### About this task
Scan the following material for the string "Types" and copy each line in which it appears.
--- START ---
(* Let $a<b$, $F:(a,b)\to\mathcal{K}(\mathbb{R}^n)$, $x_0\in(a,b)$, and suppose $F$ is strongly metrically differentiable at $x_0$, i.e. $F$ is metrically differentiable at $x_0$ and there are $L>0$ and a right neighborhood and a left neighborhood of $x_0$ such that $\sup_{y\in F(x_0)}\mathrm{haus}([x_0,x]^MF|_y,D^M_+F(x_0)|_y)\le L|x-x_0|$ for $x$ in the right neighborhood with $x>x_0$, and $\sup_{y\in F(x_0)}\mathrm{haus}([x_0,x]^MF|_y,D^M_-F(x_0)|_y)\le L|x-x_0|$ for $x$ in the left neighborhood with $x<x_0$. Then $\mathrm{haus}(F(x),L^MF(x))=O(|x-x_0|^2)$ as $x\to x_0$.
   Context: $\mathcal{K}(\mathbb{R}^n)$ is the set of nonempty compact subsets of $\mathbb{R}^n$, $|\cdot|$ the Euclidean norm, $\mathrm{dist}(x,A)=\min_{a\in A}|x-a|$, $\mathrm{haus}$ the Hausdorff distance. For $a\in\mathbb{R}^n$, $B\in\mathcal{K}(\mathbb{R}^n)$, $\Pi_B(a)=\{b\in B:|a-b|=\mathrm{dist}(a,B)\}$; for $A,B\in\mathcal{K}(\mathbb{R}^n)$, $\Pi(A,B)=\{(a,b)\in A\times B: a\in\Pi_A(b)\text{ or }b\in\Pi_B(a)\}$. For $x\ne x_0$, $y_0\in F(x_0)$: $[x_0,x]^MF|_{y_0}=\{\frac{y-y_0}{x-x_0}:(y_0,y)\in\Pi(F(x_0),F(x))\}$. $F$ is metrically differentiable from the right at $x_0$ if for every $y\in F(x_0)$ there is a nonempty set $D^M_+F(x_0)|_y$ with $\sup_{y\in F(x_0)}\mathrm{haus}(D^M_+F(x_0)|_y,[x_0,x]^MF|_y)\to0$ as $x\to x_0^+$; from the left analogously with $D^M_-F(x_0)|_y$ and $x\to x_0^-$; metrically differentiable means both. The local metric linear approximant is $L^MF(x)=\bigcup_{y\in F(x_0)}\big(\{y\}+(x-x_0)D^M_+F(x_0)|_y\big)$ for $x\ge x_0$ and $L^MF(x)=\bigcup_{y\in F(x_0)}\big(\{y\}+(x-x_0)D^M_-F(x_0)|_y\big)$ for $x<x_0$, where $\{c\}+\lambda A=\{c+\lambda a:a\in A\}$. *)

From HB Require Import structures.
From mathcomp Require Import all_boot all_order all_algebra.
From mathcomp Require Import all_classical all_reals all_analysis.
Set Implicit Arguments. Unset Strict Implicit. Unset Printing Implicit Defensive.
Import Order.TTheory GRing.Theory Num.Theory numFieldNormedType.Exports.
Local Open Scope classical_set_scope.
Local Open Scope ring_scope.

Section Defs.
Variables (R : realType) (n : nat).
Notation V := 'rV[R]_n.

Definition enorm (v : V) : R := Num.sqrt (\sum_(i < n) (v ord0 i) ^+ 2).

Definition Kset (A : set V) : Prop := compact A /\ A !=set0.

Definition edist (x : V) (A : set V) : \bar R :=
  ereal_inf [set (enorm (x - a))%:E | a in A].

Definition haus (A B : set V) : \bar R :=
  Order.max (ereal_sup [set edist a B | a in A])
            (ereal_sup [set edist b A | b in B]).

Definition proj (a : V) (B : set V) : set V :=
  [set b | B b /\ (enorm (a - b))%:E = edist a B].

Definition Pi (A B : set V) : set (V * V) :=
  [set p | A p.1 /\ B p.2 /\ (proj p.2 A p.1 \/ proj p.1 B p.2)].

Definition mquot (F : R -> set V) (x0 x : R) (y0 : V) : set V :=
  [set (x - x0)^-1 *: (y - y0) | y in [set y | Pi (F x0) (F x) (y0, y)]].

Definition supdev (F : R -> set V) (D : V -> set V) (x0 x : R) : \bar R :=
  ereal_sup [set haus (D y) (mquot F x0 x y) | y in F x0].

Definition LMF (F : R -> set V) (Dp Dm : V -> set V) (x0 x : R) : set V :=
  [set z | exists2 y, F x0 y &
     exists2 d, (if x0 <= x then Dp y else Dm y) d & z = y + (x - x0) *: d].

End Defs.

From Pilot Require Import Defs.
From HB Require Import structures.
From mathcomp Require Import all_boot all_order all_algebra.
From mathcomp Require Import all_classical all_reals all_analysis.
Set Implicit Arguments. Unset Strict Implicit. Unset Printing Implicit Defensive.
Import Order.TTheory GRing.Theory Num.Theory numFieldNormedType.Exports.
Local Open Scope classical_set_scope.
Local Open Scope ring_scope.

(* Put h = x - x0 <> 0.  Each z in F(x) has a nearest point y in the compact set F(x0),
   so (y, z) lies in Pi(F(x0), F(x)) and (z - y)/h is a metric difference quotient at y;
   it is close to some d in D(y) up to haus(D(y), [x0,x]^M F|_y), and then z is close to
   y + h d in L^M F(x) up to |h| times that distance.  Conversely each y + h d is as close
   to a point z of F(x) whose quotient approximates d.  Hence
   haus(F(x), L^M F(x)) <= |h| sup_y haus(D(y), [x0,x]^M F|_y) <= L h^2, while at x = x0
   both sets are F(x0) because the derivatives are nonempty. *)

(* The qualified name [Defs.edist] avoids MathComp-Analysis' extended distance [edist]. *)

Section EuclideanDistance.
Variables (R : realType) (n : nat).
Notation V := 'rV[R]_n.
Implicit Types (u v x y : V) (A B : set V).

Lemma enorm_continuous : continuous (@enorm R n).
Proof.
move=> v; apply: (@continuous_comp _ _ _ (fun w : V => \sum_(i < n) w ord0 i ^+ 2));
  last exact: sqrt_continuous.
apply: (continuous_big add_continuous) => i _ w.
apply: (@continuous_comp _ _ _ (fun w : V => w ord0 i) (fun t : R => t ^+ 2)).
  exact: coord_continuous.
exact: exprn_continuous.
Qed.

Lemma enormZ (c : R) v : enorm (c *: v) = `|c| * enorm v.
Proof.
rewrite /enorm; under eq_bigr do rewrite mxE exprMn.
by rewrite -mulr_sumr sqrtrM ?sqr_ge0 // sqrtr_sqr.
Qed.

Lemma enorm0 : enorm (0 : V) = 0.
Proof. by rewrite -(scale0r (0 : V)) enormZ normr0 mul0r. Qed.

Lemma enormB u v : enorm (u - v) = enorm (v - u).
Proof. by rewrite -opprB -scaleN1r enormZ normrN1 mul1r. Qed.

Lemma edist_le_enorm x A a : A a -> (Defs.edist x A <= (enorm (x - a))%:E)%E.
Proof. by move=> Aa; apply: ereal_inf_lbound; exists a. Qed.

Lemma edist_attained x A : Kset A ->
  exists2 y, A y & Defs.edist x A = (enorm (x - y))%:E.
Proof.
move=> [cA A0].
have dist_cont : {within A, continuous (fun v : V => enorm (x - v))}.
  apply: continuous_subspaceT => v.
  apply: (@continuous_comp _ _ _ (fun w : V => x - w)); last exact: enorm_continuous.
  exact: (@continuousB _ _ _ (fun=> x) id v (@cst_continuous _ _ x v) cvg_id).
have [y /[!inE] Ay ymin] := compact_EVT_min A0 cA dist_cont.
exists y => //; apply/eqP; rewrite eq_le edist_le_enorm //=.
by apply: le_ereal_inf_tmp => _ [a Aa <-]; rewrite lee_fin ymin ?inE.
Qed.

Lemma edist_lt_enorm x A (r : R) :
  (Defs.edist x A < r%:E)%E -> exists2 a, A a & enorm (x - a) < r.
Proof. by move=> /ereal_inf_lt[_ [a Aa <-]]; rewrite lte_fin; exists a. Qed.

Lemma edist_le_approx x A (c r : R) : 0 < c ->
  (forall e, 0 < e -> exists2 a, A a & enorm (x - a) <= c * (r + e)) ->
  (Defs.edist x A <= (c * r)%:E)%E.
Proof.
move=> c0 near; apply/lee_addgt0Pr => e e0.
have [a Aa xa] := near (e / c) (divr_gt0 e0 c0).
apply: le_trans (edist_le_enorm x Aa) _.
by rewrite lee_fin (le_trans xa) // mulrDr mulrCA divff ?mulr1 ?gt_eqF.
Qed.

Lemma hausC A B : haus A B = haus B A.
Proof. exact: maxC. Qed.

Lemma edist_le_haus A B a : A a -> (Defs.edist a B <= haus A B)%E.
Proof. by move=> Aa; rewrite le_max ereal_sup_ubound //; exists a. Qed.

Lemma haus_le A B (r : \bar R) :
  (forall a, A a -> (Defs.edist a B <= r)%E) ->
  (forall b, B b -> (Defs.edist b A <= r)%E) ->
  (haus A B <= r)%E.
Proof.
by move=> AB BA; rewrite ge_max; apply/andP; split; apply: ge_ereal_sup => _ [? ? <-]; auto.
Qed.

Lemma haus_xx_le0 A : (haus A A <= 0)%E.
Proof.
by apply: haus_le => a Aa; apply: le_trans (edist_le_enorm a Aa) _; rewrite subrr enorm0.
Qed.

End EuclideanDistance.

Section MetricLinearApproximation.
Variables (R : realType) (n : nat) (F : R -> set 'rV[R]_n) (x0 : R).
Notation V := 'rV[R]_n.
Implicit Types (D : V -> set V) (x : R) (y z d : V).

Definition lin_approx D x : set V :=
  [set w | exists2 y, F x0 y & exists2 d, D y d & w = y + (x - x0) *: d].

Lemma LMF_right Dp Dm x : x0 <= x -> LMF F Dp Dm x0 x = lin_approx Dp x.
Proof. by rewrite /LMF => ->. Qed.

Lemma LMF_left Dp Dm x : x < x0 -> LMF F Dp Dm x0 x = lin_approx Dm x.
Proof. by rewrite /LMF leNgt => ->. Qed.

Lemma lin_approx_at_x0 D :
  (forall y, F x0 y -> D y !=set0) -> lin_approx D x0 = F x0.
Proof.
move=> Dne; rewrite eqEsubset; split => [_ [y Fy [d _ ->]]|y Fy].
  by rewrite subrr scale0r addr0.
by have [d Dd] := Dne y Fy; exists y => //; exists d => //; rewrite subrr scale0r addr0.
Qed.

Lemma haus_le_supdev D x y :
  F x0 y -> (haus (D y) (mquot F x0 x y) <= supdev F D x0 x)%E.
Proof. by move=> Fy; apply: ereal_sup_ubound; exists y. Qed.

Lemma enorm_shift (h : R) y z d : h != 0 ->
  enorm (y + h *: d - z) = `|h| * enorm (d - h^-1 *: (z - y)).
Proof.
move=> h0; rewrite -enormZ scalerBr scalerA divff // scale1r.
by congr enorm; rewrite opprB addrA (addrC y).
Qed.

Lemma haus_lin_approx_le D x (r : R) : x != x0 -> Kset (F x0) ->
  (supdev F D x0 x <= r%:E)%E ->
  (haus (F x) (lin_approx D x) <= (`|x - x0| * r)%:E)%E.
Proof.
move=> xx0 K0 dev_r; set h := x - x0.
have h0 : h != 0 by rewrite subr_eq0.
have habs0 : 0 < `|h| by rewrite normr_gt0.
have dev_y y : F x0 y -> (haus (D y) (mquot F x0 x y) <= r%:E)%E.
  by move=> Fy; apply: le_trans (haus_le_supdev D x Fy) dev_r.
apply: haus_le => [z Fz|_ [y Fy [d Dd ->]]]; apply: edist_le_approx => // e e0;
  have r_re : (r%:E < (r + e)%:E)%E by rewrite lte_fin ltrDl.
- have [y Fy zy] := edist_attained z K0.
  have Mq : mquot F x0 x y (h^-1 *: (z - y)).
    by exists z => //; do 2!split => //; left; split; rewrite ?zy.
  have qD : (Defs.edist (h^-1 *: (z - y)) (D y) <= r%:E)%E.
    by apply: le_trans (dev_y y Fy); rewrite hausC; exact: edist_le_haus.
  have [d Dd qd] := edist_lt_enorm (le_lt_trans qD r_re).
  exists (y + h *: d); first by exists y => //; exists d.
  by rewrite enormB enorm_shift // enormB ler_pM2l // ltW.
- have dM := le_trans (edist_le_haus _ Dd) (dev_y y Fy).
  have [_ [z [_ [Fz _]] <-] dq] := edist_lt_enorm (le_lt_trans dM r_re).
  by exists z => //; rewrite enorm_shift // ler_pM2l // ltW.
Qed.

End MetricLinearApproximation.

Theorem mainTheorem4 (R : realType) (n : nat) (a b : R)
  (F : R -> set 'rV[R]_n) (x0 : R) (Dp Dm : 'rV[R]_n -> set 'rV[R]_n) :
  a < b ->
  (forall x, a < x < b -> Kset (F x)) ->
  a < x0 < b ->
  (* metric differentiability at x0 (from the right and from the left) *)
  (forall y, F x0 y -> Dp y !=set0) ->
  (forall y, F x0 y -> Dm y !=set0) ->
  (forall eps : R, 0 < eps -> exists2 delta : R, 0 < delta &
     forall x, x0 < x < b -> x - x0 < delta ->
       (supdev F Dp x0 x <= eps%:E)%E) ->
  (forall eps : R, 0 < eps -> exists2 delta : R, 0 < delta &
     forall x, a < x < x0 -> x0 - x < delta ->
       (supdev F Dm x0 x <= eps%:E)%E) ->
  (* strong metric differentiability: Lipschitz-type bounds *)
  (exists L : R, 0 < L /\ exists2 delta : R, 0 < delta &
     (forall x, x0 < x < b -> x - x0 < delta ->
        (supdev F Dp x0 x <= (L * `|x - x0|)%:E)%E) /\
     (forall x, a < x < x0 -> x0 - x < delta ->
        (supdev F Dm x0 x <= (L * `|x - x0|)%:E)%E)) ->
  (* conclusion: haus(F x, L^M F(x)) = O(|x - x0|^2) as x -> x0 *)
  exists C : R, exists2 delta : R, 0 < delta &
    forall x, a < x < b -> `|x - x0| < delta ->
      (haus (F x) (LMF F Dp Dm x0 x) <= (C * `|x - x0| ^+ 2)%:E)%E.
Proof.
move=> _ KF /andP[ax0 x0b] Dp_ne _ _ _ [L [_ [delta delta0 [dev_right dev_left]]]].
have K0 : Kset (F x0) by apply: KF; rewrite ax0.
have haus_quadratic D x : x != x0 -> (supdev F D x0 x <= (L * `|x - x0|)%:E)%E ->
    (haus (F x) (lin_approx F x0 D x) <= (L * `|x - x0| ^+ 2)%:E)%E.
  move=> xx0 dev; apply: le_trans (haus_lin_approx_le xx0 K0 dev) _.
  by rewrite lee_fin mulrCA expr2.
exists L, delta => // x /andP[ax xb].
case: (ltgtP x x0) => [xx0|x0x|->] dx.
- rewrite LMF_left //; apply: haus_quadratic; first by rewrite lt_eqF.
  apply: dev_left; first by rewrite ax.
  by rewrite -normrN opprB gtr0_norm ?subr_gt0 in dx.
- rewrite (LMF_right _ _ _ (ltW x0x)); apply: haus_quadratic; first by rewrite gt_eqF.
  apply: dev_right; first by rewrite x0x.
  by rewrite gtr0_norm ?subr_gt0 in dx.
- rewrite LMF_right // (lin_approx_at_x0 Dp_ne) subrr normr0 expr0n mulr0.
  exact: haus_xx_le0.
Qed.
--- END ---
### Answer below
Implicit Types (u v x y : V) (A B : set V).
Implicit Types (D : V -> set V) (x : R) (y z d : V).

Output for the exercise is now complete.